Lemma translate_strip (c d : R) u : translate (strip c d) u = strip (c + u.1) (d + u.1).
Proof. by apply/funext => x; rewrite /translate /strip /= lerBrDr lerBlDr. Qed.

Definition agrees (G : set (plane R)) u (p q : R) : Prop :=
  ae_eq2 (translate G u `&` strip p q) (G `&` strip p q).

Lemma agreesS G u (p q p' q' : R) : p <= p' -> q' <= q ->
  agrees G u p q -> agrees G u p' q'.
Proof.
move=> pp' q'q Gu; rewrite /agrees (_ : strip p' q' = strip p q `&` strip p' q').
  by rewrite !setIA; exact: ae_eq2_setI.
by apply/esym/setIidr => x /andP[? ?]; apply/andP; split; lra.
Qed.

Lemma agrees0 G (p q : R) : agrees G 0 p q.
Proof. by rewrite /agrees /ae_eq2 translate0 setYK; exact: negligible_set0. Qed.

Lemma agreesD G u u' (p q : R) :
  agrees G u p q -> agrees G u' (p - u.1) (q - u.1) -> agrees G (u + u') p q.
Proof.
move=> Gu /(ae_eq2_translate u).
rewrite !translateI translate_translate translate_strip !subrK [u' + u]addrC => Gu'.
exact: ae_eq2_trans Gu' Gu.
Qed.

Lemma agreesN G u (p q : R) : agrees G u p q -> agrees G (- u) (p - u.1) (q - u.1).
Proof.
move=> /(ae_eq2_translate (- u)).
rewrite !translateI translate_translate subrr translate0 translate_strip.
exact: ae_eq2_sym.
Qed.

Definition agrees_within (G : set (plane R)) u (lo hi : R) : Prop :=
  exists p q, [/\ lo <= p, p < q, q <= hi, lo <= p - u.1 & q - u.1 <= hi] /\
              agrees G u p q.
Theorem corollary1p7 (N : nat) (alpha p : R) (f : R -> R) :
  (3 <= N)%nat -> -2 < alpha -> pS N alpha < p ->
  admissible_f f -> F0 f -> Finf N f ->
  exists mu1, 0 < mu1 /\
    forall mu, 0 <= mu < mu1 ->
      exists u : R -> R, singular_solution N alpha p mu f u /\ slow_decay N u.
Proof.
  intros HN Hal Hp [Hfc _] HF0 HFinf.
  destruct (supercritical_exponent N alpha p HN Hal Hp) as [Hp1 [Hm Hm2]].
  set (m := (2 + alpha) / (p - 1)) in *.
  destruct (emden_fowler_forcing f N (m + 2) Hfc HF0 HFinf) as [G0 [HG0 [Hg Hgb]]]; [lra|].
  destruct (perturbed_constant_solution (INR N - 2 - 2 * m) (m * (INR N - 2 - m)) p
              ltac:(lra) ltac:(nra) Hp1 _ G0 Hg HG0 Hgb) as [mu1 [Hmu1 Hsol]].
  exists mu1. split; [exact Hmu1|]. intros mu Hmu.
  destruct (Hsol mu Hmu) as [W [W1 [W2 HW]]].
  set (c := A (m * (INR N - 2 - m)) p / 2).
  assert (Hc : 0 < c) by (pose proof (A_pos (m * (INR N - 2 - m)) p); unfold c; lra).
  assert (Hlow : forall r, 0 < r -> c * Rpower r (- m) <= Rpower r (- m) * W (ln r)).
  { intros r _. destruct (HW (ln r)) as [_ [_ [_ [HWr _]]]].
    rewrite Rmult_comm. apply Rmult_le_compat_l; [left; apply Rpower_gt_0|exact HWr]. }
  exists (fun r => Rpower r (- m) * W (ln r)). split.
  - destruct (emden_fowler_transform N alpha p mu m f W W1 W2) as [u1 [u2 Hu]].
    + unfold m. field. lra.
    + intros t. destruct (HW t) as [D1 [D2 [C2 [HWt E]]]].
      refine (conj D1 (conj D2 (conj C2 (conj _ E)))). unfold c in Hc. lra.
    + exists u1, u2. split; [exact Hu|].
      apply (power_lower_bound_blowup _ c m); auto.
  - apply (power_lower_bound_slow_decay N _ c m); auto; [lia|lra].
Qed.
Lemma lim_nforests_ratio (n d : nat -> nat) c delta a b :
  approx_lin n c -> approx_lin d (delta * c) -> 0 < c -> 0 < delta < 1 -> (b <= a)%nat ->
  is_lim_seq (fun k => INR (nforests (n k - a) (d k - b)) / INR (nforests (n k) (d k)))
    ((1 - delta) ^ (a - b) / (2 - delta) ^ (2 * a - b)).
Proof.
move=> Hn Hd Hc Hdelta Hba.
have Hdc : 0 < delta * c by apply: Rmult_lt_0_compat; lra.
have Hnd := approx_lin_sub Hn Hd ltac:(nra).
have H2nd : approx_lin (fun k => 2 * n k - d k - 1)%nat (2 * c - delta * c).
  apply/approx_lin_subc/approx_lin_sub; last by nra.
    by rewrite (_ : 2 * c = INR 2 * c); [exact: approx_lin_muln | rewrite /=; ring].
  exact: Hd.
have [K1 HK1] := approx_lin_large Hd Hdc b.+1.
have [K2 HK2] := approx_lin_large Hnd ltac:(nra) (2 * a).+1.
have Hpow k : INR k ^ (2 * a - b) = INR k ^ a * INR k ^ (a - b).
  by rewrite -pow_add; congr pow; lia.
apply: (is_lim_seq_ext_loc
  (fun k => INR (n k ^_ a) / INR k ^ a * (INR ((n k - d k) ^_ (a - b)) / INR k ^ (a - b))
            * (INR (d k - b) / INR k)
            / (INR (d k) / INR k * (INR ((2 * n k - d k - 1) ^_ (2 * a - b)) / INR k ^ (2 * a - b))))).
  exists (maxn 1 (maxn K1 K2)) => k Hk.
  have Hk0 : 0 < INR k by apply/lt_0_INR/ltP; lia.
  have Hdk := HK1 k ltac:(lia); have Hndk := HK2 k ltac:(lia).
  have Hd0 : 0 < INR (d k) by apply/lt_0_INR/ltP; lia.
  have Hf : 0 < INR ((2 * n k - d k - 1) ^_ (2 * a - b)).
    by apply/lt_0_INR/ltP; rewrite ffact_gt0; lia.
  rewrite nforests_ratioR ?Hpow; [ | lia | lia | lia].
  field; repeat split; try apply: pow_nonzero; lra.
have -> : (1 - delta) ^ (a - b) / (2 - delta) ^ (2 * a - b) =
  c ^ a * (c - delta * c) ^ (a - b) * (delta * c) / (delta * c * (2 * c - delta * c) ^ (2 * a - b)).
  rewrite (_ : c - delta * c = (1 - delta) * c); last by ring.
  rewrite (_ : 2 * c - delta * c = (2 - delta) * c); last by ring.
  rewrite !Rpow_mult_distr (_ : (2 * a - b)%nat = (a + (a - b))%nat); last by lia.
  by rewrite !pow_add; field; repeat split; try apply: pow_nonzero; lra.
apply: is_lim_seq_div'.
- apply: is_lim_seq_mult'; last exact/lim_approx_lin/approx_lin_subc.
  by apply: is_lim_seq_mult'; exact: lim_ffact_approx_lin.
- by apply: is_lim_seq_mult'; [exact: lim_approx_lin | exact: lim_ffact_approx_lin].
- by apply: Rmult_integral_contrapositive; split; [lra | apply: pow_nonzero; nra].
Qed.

> _PROBLEM DESCRIPTION_
Within the material above, output exactly the lines from the one with "- destruct (emden_fowler_transform" through the one with "by rewrite (_", end lines included, and nothing besides.

> _SOLVED EXERCISE_
  - destruct (emden_fowler_transform N alpha p mu m f W W1 W2) as [u1 [u2 Hu]].
    + unfold m. field. lra.
    + intros t. destruct (HW t) as [D1 [D2 [C2 [HWt E]]]].
      refine (conj D1 (conj D2 (conj C2 (conj _ E)))). unfold c in Hc. lra.
    + exists u1, u2. split; [exact Hu|].
      apply (power_lower_bound_blowup _ c m); auto.
  - apply (power_lower_bound_slow_decay N _ c m); auto; [lia|lra].
Qed.
Lemma lim_nforests_ratio (n d : nat -> nat) c delta a b :
  approx_lin n c -> approx_lin d (delta * c) -> 0 < c -> 0 < delta < 1 -> (b <= a)%nat ->
  is_lim_seq (fun k => INR (nforests (n k - a) (d k - b)) / INR (nforests (n k) (d k)))
    ((1 - delta) ^ (a - b) / (2 - delta) ^ (2 * a - b)).
Proof.
move=> Hn Hd Hc Hdelta Hba.
have Hdc : 0 < delta * c by apply: Rmult_lt_0_compat; lra.
have Hnd := approx_lin_sub Hn Hd ltac:(nra).
have H2nd : approx_lin (fun k => 2 * n k - d k - 1)%nat (2 * c - delta * c).
  apply/approx_lin_subc/approx_lin_sub; last by nra.
    by rewrite (_ : 2 * c = INR 2 * c); [exact: approx_lin_muln | rewrite /=; ring].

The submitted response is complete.